Но «ЛМ» стоял, стоял родной, и даже во всех трех вариантах: обычный, легкий и суперлегкий.
– Сколько эта радость стоит? – осторожно спросил я, показывая на красную пачку.
Продавец перестал дремать, лениво посмотрел на меня, потом на то, чем я интересовался, и ответил:
– Десять рублей.
Вот это шок!.. В бомбоубежище нам продавали пачку по двести рублей, и я растягивал каждую на пять дней. А в Москве – дешевле шестнадцати рублей нужно было поискать, даже если знать точки. Да это же коммунизм, долгожданное общество равных прав и возможностей… То-то меня так тянуло сюда.
– В долг не дадите? – так же осторожно спросил я.
Продавец опять посмотрел на меня, и ответил:
– Нет…
Не все же коту масленица, – ведь правда?.. Я отошел в какой-то закуток, достал последнюю сигарету и закурил. О, это тихое блаженство последней сигареты. Когда каждая затяжка подобна порции этого самого блаженства, – и так хорошо прочищает мозги от остатков дури.
Андрюха, когда я разлегся на соседней с ним койке, сказал:
– Здесь такие сказки рассказывают.
Сказки, сплетни, первая информация о новом месте, – все это одно и тоже. Все это нужно и интересно. Полагалось, – и это так естественно, – повернуться и спросить Андрюху: «ну?», или «какие?», или «да?»… Так начинает осваиваться любое молодое пополнение, старательское – в том числе.
Но я – напрягся. От такой невинной фразы.
То, что я должен был сказать Андрюхе, замерло у меня на языке. Рот внезапно пересох, и я почувствовал, как от засухи начинают трескаться губы.
Даже какие-то круги пошли перед глазами, от волнения, и я подумал было, что сейчас отрублюсь, перепугаю своего нового приятеля Андрюху классическим припадком…
– Да, – все же сказал я, каким-то хриплым не своим голосом.
– Бред какой-то, – с готовностью продолжил Андрюха. – Я подваливаю к местному старателю. Хотя тот, конечно, лыка не вяжет. Говорю: коллега, чем мы будем здесь заниматься? Он отвечает: ничем, по шахте ходить с ведерком, и что под ноги попадется, в это ведерко складывать.

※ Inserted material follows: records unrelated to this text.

(* Let $\Gamma$ be a distance-regular graph with classical parameters $(D,b,\alpha,\beta)$ such that $b\ge2$, $b-1\ge\alpha\ge1$ and $D\ge3$, geometric with respect to a set $\mathcal C$ of Delsarte cliques. Let $r=[D]$. Assume that for every vertex $x$ the local graph at $x$ is the $\alpha$-clique extension of a $\frac{\beta}{\alpha}\times r$-grid, and assume $\beta>\alpha r$. Then: (a) for every assembly $M$ and every vertex $x$ at distance $i$ from $M$ ($i=0,1,\dots,D$), the number of vertices of $M$ at distance $i$ from $x$ equals $1+\alpha[i]$; (b) for every two vertices $x,y$ at distance $j$ ($j=1,\dots,D$), the number of assemblies containing $y$ at distance $j-1$ from $x$ equals $[j]$; (c) for every two vertices $x,y$ at distance $h$ ($h=0,1,\dots,D-1$), the subgraph induced on $B_h(x,y)=\Gamma_{h+1}(x)\cap\Gamma(y)$ is the $\alpha$-clique extension of a $(\frac{\beta}{\alpha}-[h])\times(r-[h])$-grid.
   Context: Distance-regular graph with intersection numbers $b_i,c_i$, valency $k=b_0$; $\Gamma_i(x)$ is the set of vertices at distance $i$ from $x$, $\Gamma(y)=\Gamma_1(y)$. For integer $b\ne1$, $[j]=\frac{b^j-1}{b-1}$. Classical parameters $(D,b,\alpha,\beta)$: diameter $D$, $b_i=([D]-[i])(\beta-\alpha[i])$, $c_i=[i](1+\alpha[i-1])$. A Delsarte clique is a clique with $1+\frac{k}{-\theta_{\min}}$ vertices, $\theta_{\min}$ the smallest adjacency eigenvalue; geometric with respect to $\mathcal C$ means every edge lies in exactly one member of $\mathcal C$. An assembly is a maximal clique of $\Gamma$ not in $\mathcal C$. Distance from a vertex to a set $T$: $d(x,T)=\min_{y\in T}d(x,y)$. The $m\times n$-grid is $K_m\Box K_n$; the $s$-clique extension of $\Delta$ replaces each vertex by an $s$-clique, vertices in distinct cliques being adjacent iff the original vertices are adjacent. *)

From HB Require Import structures.
From mathcomp Require Import all_boot all_order all_algebra all_field.
Set Implicit Arguments. Unset Strict Implicit. Unset Printing Implicit Defensive.
Import Order.TTheory GRing.Theory Num.Theory.

Section Graphs.
Variables (T : finType) (adj : rel T).

Definition simple_graph := symmetric adj /\ irreflexive adj.

Definition nbhd (y : T) : {set T} := [set z | adj y z].

Fixpoint ball (n : nat) (x : T) : {set T} :=
  if n is n'.+1 then ball n' x :|: \bigcup_(z in ball n' x) nbhd z
  else [set x].

Definition connected_graph := forall x y : T, y \in ball #|T| x.

(* graph distance (meaningful for connected graphs: least n with y in ball n x) *)
Definition dist (x y : T) : nat := find (fun n => y \in ball n x) (iota 0 #|T|.+1).

Definition sphere (i : nat) (x : T) : {set T} := [set z | dist x z == i].

Definition setdist (x : T) (M : {set T}) : nat :=
  \big[minn/#|T|]_(y in M) dist x y.

Definition is_clique (C : {set T}) : bool :=
  [forall u in C, forall v in C, (u != v) ==> adj u v].

Definition is_maximal_clique (C : {set T}) : bool :=
  is_clique C && [forall C' : {set T}, (is_clique C' && (C \subset C')) ==> (C' == C)].

Definition adj_mx : 'M[algC]_#|T| :=
  \matrix_(i, j) ((adj (enum_val i) (enum_val j))%:R)%R.

Definition min_eigenvalue (theta : algC) :=
  eigenvalue adj_mx theta /\ forall mu, eigenvalue adj_mx mu -> (theta <= mu)%R.

Definition delsarte_clique (k : nat) (C : {set T}) :=
  is_clique C /\
  exists theta, min_eigenvalue theta /\ (#|C|%:R : algC)%R = (1 + k%:R / (- theta))%R.

Definition geometric (k : nat) (Cs : {set {set T}}) :=
  (forall C, C \in Cs -> delsarte_clique k C) /\
  (forall u v, adj u v -> exists! C, C \in Cs /\ u \in C /\ v \in C).

Definition assembly (Cs : {set {set T}}) (M : {set T}) : bool :=
  is_maximal_clique M && (M \notin Cs).

End Graphs.

Definition qint (b j : nat) : nat := (b ^ j - 1) %/ (b - 1).

Definition has_diameter (T : finType) (adj : rel T) (D : nat) :=
  (forall x y : T, dist adj x y <= D) /\ exists x y : T, dist adj x y = D.

(* distance-regular with classical parameters (D, b, alpha, beta):
   b_i = ([D]-[i])(beta - alpha [i]),  c_i = [i](1 + alpha [i-1]) *)
Definition drg_classical (T : finType) (adj : rel T) (D b alpha beta : nat) :=
  [/\ simple_graph adj, connected_graph adj, has_diameter adj D,
      (forall (i : nat) (x y : T), i <= D -> dist adj x y = i ->
         #|sphere adj i.+1 x :&: nbhd adj y| =
           (qint b D - qint b i) * (beta - alpha * qint b i))
    & (forall (i : nat) (x y : T), 1 <= i <= D -> dist adj x y = i ->
         #|sphere adj i.-1 x :&: nbhd adj y| =
           qint b i * (1 + alpha * qint b i.-1))].

(* adjacency in the s-clique extension of the m x n grid K_m [] K_n,
   vertex set 'I_m * 'I_n * 'I_s: distinct vertices are adjacent iff their
   grid vertices are equal (same clique) or adjacent in the grid *)
Definition clique_ext_grid_adj (m n s : nat) (u v : 'I_m * 'I_n * 'I_s) : bool :=
  (u != v) &&
  [|| (u.1 == v.1),
      ((u.1.1 == v.1.1) && (u.1.2 != v.1.2))
    | ((u.1.1 != v.1.1) && (u.1.2 == v.1.2))].

Definition induced_iso_clique_ext_grid (T : finType) (adj : rel T) (S : {set T})
    (s m n : nat) :=
  exists f : 'I_m * 'I_n * 'I_s -> T,
    [/\ injective f, f @: setT = S &
        forall u v, adj (f u) (f v) = clique_ext_grid_adj u v].
Lemma mcoeff_cheb_comb_mlead c :
  (cheb_comb c)@_(mlead c) = c@_(mlead c) * (chebT R (mlead c))@_(mlead c).
Proof.
have [->|c_neq0] := eqVneq c 0; first by rewrite cheb_comb0 !mcoeff0 mul0r.
rewrite /cheb_comb raddf_sum /= (bigD1_seq (mlead c)) ?mlead_supp ?msupp_uniq //=.
rewrite mcoeffZ big_seq_cond big1 ?addr0 // => b /andP[b_c b_neq].
rewrite mcoeffZ [(chebT R b)@_ _]mcoeff_gt_mlead ?mulr0 // chebT_mlead lt_neqAle b_neq.
exact: msupp_le_mlead.
Qed.

Lemma mdeg_lt_msize_cheb_comb c a : a \in msupp c -> (mdeg a < msize (cheb_comb c))%N.
Proof.
move=> a_c; have c_neq0 : c != 0 by apply: contraTneq a_c => ->; rewrite msupp0.
apply: leq_ltn_trans (lemc_mdeg (msupp_le_mlead a_c)) (msize_mdeg_lt _).
rewrite mcoeff_msupp mcoeff_cheb_comb_mlead mulf_neq0 ?mleadc_eq0 //.
by rewrite -[X in _@_X](chebT_mlead R (mlead c)) mleadc_eq0 chebT_neq0.
Qed.

Lemma cheb_norm_addE p : (cheb_norm p)%:MP + p =
  \sum_(a <- msupp (cheb_coeffs p))
     (`|(cheb_coeffs p)@_a|%:MP + (cheb_coeffs p)@_a *: chebT R a).
Proof. by rewrite big_split /= -raddf_sum {2}[p]cheb_coeffsE. Qed.

Lemma qmodule_cheb_norm_add r p : (msize p <= r.+1)%N ->
  qmodule (2 * r) ((cheb_norm p)%:MP + p).
Proof.
move=> hp; rewrite cheb_norm_addE big_seq; apply: qmodule_sum => a a_c.
apply: qmodule_abs_add_chebT; have := mdeg_lt_msize_cheb_comb a_c.
by rewrite -cheb_coeffsE; lia.
Qed.

End ChebyshevExpansion.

Что найдешь, – то в ведерко положишь… Тогда спрашиваю: ты когда там последний раз был? Он говорит: вчера… Спрашиваю: и что ты вчера там нашел? Он говорит: три рулона туалетной бумаги, больше ничего…
Я посмотрел на Андрюху, не шутит ли он… Он не шутил.
– Ничего не понял, – сказал я ему.
– И я ничего не понимаю, – сказал он. – Но дело не в этом. А в том, что сейчас придут медики, и вколют нам с тобой по первое число… Тебе-то ничего, с твоим иммунитетом, ты так человеком и останешься. А я начну превращаться в серафима. Знаешь историю: один мужик говорит другому: моя жена – ангел. А другой отвечает: тебе повезло, моя – еще жива…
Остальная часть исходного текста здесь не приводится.